Google is betting that enterprise AI is a platform problem, not a services problem, and is negotiating omnibus licensing deals with the world's largest private equity firms to prove it.
Google is betting that enterprise AI is a platform problem, not a services problem, and is negotiating omnibus licensing deals with the world's largest private equity firms to prove it.

Alphabet is in discussions with Blackstone, KKR, and EQT to license its Gemini AI models across their thousands of portfolio companies, a scalable platform strategy that directly counters the high-touch consulting approach of rivals OpenAI and Anthropic. The talks, which have not been finalized, would give companies owned by the private equity giants access to Google’s AI models and cloud infrastructure under a single, portfolio-wide commercial agreement.
The different approaches reveal a fundamental split in strategy for capturing the enterprise AI market. “OpenAI built a ten billion dollar consulting company. Anthropic built a 1.5 billion dollar consulting company. Google is writing a licensing agreement,” as The Next Web reported, framing the competitive landscape as a bet on how enterprise AI will be deployed at scale.
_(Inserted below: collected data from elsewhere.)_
(* Enumerating the left ends increasingly, and pairing each with the unique
   right end, exhibits A as a staircase. *)
Lemma Aset_staircase (x0 : 'I_n) :
  exists i j : 'I_s -> 'I_n, staircase i j /\ A = roots_of i j.
Proof.
pose u := enum [set p.1 | p in A].
have size_u : size u = s.
  move: A_s; rewrite inE => /andP [_ /eqP <-].
  by rewrite -cardE card_in_imset //; apply: Aset_fst_inj.
pose i (k : 'I_s) := nth x0 u k.
pose j (k : 'I_s) := odflt x0 [pick y | (i k, y) \in A].
have ijA k : (i k, j k) \in A.
  have : i k \in [set p.1 | p in A] by rewrite -mem_enum mem_nth // size_u.
  case/imsetP => p pA ikp; rewrite /j; case: pickP => [y // | no_y].
  by move: (no_y p.2); rewrite ikp -surjective_pairing pA.
have i_mono (k l : 'I_s) : (k < l)%N -> (i k < i l)%N.
  move=> kl; apply: (sorted_ltn_nth (relpre_trans ltn_trans) x0 (enum_ord_sorted _));
  by rewrite ?inE ?size_u.
have j_mono (k l : 'I_s) : (k < l)%N -> (j k < j l)%N.
  move=> kl; have ne : (i l, j l) != (i k, j k).
    by apply/eqP => /(congr1 fst) /= eq_lk; move: (i_mono _ _ kl); rewrite eq_lk ltnn.
  move: (A_incomparable (ijA l) (ijA k) ne).
  by rewrite rle_interval ?A_pos //= (ltnW (i_mono _ _ kl)) -ltnNge.
exists i, j; split.
  by split=> // k l; exact: Aset_supports_meet (ijA k) (ijA l).
apply/setP => p; apply/idP/imsetP => [pA | [k _ ->] //].
have : p.1 \in u by rewrite mem_enum imset_f.
rewrite -index_mem size_u => lt_idx; exists (Ordinal lt_idx) => //.
by apply: Aset_fst_inj; rewrite //= /i nth_index // mem_enum imset_f.
Qed.

End AbelianAntichainIsStaircase.

(* The staircase read off an increasing sequence t of length s + d
   (d = s - 1 or d = s): the k-th root has ends t_k and t_(k+d). *)
Definition stair_of n s (x0 : 'I_n) (t : seq 'I_n) : {set 'I_n * 'I_n} :=
  roots_of (fun k : 'I_s => nth x0 t k) (fun k : 'I_s => nth x0 t (k + (size t - s))).

Section StaircaseOfSequence.
Variables (n s : nat) (x0 : 'I_n) (t : seq 'I_n).
Hypotheses (s_le_t : (s <= size t)%N) (t_le_2s : (size t <= s + s)%N).

Let left_lt (k : 'I_s) : (k < size t)%N.
Proof. by have := ltn_ord k; lia. Qed.

Let right_lt (k : 'I_s) : (k + (size t - s) < size t)%N.
Proof. by have := ltn_ord k; lia. Qed.

Lemma mem_ends_stair_of x :
  (x \in t) = [exists p in stair_of s x0 t, (p.1 == x) || (p.2 == x)].
Proof.
apply/idP/existsP => [x_t | [p /andP [/imsetP [k _ ->]]]]; last first.
  by case/orP => /eqP <-; apply: mem_nth; [exact: left_lt | exact: right_lt].
have idx_lt : (index x t < size t)%N by rewrite index_mem.
have [idx_s | s_idx] := ltnP (index x t) s.
  exists (nth x0 t (Ordinal idx_s), nth x0 t (Ordinal idx_s + (size t - s))).
  by rewrite imset_f //= nth_index ?eqxx.
have idx_d : (index x t - (size t - s) < s)%N by lia.
exists (nth x0 t (Ordinal idx_d), nth x0 t (Ordinal idx_d + (size t - s))).
by rewrite imset_f //= subnK ?nth_index ?eqxx ?orbT //; lia.
Qed.

Hypothesis t_sorted : sorted (relpre val ltn) t.

Let nth_mono a b : (a < b)%N -> (b < size t)%N -> (nth x0 t a < nth x0 t b)%N.
Proof.
move=> ab bt; apply: (sorted_ltn_nth (relpre_trans ltn_trans) x0 t_sorted);
  by rewrite ?inE //; lia.
Qed.

(* If moreover size t >= 2s - 1, the index functions of stair_of t form a
   staircase (when size t = 2s - 1 the middle term is both i_s and j_1). *)
Lemma stair_of_staircase : (s + s <= (size t).+1)%N ->
  staircase (fun k : 'I_s => nth x0 t k)
            (fun k : 'I_s => nth x0 t (k + (size t - s))).
Proof.
move=> t_ge; split=> k l; have := ltn_ord k; have := ltn_ord l => lt_l lt_k.
- by move=> kl; apply: nth_mono; lia.
- by move=> kl; apply: nth_mono; lia.
have [kl | kl | -> //] := ltngtP k (l + (size t - s)).
- by apply/ltnW/nth_mono; lia.
- lia.
Qed.

End StaircaseOfSequence.

(* An increasing sequence is determined by its set of terms, hence by its
   staircase. *)
Lemma stair_of_inj n s (x0 : 'I_n) (t1 t2 : seq 'I_n) :
  sorted (relpre val ltn) t1 -> sorted (relpre val ltn) t2 ->
  (s <= size t1 <= s + s)%N -> (s <= size t2 <= s + s)%N ->
  stair_of s x0 t1 = stair_of s x0 t2 -> t1 = t2.
Proof.
move=> t1_sorted t2_sorted /andP [lo1 hi1] /andP [lo2 hi2] eq_stair.
apply: (irr_sorted_eq (relpre_trans (f := val) ltn_trans)) => // [x | x].
  by rewrite /= ltnn.
by rewrite (mem_ends_stair_of x0 lo1 hi1) (mem_ends_stair_of x0 lo2 hi2) eq_stair.
Qed.

Section SequenceOfStaircase.
Variables (n s' : nat) (x0 : 'I_n) (i j : 'I_s'.+1 -> 'I_n).
Hypothesis stair : staircase i j.

Let ii r := i (inord r).
Let jj r := j (inord r).
Let d := if (i ord_max < j ord0)%N then s'.+1 else s'.

(* The terms i_1 < ... < i_s followed by j_(s-d+1) < ... < j_s, so that the
   shared middle term is listed once when i_s = j_1. *)
Definition stair_seq : seq 'I_n :=
  mkseq (fun r => if (r < s'.+1)%N then ii r else jj (r - d)) (s'.+1 + d).

Let ii_mono a b : (a < b)%N -> (b <= s')%N -> (ii a < ii b)%N.
Proof. by case: stair => i_mono _ _ ab bs; apply: i_mono; rewrite !inordK; lia. Qed.

Let jj_mono a b : (a < b)%N -> (b <= s')%N -> (jj a < jj b)%N.
Proof. by case: stair => _ j_mono _ ab bs; apply: j_mono; rewrite !inordK; lia. Qed.

Let i_max_le_j0 : (i ord_max <= j ord0)%N.
Proof. by case: stair. Qed.

Let ii_val (k : 'I_s'.+1) : ii k = i k.
Proof. by rewrite /ii inord_val. Qed.

Let jj_val (k : 'I_s'.+1) : jj k = j k.
Proof. by rewrite /jj inord_val. Qed.

Let ii_max : ii s' = i ord_max.
Proof. by rewrite /ii; congr i; apply: val_inj; rewrite /= inordK. Qed.

Let jj_0 : jj 0 = j ord0.
Proof. by rewrite /jj; congr j; apply: val_inj; rewrite /= inordK. Qed.

Lemma size_stair_seq : size stair_seq = s'.+1.*2 \/ size stair_seq = s'.+1.*2.-1.
Proof. by rewrite size_mkseq /d; case: ifP => _; [left | right]; lia. Qed.

(* Consecutive terms increase: inside each half by monotonicity of i and j,
   and across the junction since i_s < j_1, resp. i_s = j_1 < j_2. *)
Lemma stair_seq_sorted : sorted (relpre val ltn) stair_seq.
Proof.
apply/(sortedP x0) => r; rewrite size_mkseq => r_lt.
rewrite !nth_mkseq /=; try lia.
case: (ltnP r.+1 s'.+1) => [lt_r1 | ge_r1]; first by rewrite (ltnW lt_r1) ii_mono.
case: (ltnP r s'.+1) => [lt_r | ge_r]; last first.
  by apply: jj_mono; move: r_lt; rewrite /d; case: ifP; lia.
have r_eq : r = s' by lia.
rewrite r_eq ii_max /d; case: ifP => [lt_ij | ge_ij]; first by rewrite subnn jj_0.
have s'_gt0 : (0 < s')%N by move: r_lt; rewrite /d ge_ij; lia.
have -> : (s'.+1 - s' = 1)%N by lia.
by apply: leq_ltn_trans i_max_le_j0 _; rewrite -jj_0 jj_mono.
Qed.

Lemma stair_of_stair_seq : stair_of s'.+1 x0 stair_seq = roots_of i j.
Proof.
rewrite /stair_of size_mkseq addKn; apply: eq_imset => k /=.
have lt_k := ltn_ord k.
rewrite !nth_mkseq; [| by rewrite /d; case: ifP; lia | lia].
rewrite lt_k ii_val; congr pair.
case: (ltnP (k + d) s'.+1) => [lt_kd | ge_kd]; last by rewrite addnK jj_val.
have d_eq : d = s' by move: lt_kd; rewrite /d; case: ifP; lia.
have k0 : k = ord0 by apply: val_inj => /=; lia.
rewrite k0 add0n d_eq ii_max; apply/val_inj/eqP; rewrite /= eqn_leq i_max_le_j0.
by rewrite leqNgt; apply/negP => lt_ij; move: d_eq; rewrite /d lt_ij; lia.
Qed.

End SequenceOfStaircase.

Lemma staircase_stair_of n s (x0 : 'I_n) (i j : 'I_s -> 'I_n) :
  (0 < s)%N -> staircase i j ->
  exists t : seq 'I_n, [/\ sorted (relpre val ltn) t,
    size t = s.*2 \/ size t = s.*2.-1 & roots_of i j = stair_of s x0 t].
Proof.
case: s i j => // s' i j _ stair; exists (stair_seq i j).
split; first exact: (stair_seq_sorted x0 stair).
  exact: size_stair_seq.
by rewrite (stair_of_stair_seq x0 stair).
Qed.

Section CountingAbelianAntichains.
Variables (n s : nat) (x0 : 'I_n).
Hypothesis s_gt0 : (0 < s)%N.

Let incr m := [set t : m.-tuple 'I_n | sorted ltn (map val t)].
Let stair {m} (t : m.-tuple 'I_n) := stair_of s x0 t.

Let incr_sorted m (t : m.-tuple 'I_n) : t \in incr m -> sorted (relpre val ltn) t.
Proof. by rewrite inE sorted_map. Qed.

Let size_ok m (t : m.-tuple 'I_n) :
  m = s.*2 \/ m = s.*2.-1 -> (s <= size t <= s + s)%N.
Proof. by rewrite size_tuple; case=> ->; apply/andP; split; lia. Qed.

Lemma Aset_stairs : Aset n s = stair @: incr s.*2 :|: stair @: incr s.*2.-1.
Proof.
apply/setP => A; apply/idP/idP => [A_s | ].
  have [i [j [stair_ij ->]]] := Aset_staircase A_s x0.
  have [t [t_sorted [t_size | t_size] ->]] := staircase_stair_of x0 s_gt0 stair_ij.
  - apply/setUP; left; apply/imsetP; exists (Tuple (introT eqP t_size)) => //.
    by rewrite inE sorted_map.
  - apply/setUP; right; apply/imsetP; exists (Tuple (introT eqP t_size)) => //.
    by rewrite inE sorted_map.
case/setUP => /imsetP [t t_incr ->]; apply: staircase_Aset;
  apply: stair_of_staircase (incr_sorted t_incr) _; rewrite size_tuple; lia.
Qed.

Let stair_inj m : m = s.*2 \/ m = s.*2.-1 -> {in incr m &, injective (@stair m)}.
Proof.
move=> m_ok t1 t2 t1_incr t2_incr eq_stair; apply: val_inj.
exact: stair_of_inj (incr_sorted t1_incr) (incr_sorted t2_incr)
  (size_ok t1 m_ok) (size_ok t2 m_ok) eq_stair.
Qed.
OpenAI recently finalized a $10 billion joint venture, The Deployment Company, to embed its engineers inside client organizations and redesign workflows. Anthropic launched a similar $1.5 billion services firm in a joint venture with Blackstone itself, alongside other investors. Google’s proposed omnibus agreements, in contrast, would trade the high-margin consulting revenue sought by its rivals for distribution speed and breadth, prioritizing a platform-based approach.
The outcome of these negotiations could define the next phase of AI adoption, potentially opening a channel for Google into companies controlled by firms with over $2 trillion in combined assets under management. The race pits Google's bet on scalable distribution against its rivals' wagers on high-margin, sticky, but slower-to-scale embedded services.
The strategic divide centers on a single question: is the primary bottleneck to enterprise AI adoption procurement or implementation?
OpenAI and Anthropic are betting on implementation. Their joint ventures are built to provide not just frontier models but also the specialist engineers required to integrate them into core business operations. This model is labor-intensive and slow to scale, but it creates extremely high switching costs once a company’s workflows are rebuilt around a specific AI provider.
Google is betting the bottleneck is procurement. The company has already committed $750 million to a partner fund for agentic AI deployments through established consulting firms like Accenture, Deloitte, and KPMG. The omnibus licensing model is designed to simplify access for the vast portfolios of private equity firms, leaving the implementation to the existing ecosystem of consultants that already serve them. It is a bet that speed and scale will ultimately capture more of the market than deep, bespoke integrations.
The competitive dynamics are complicated by Blackstone’s position on multiple sides of the table. The firm is a founding investor in Anthropic's $1.5 billion deployment venture while also being a target customer for Google's licensing deal. This suggests that the private equity giant is positioning itself not as a customer choosing a single provider, but as a distribution channel for all major AI labs, extracting value from the competition itself.
For investors, Google’s approach represents a lower-risk, lower-margin but massively scalable path to enterprise AI revenue. While it cedes the lucrative implementation services revenue to partners, it avoids the operational complexity and high costs of building a global consulting arm. The strategy leverages the strengths of its Google Cloud platform, which recently surpassed $20 billion in quarterly revenue. If the deals are signed, it could validate the platform-first model and establish a powerful new, recurring revenue stream for Alphabet, whose shares trade at a significant discount to some of its large-cap tech peers.
This article is for informational purposes only and does not constitute investment advice.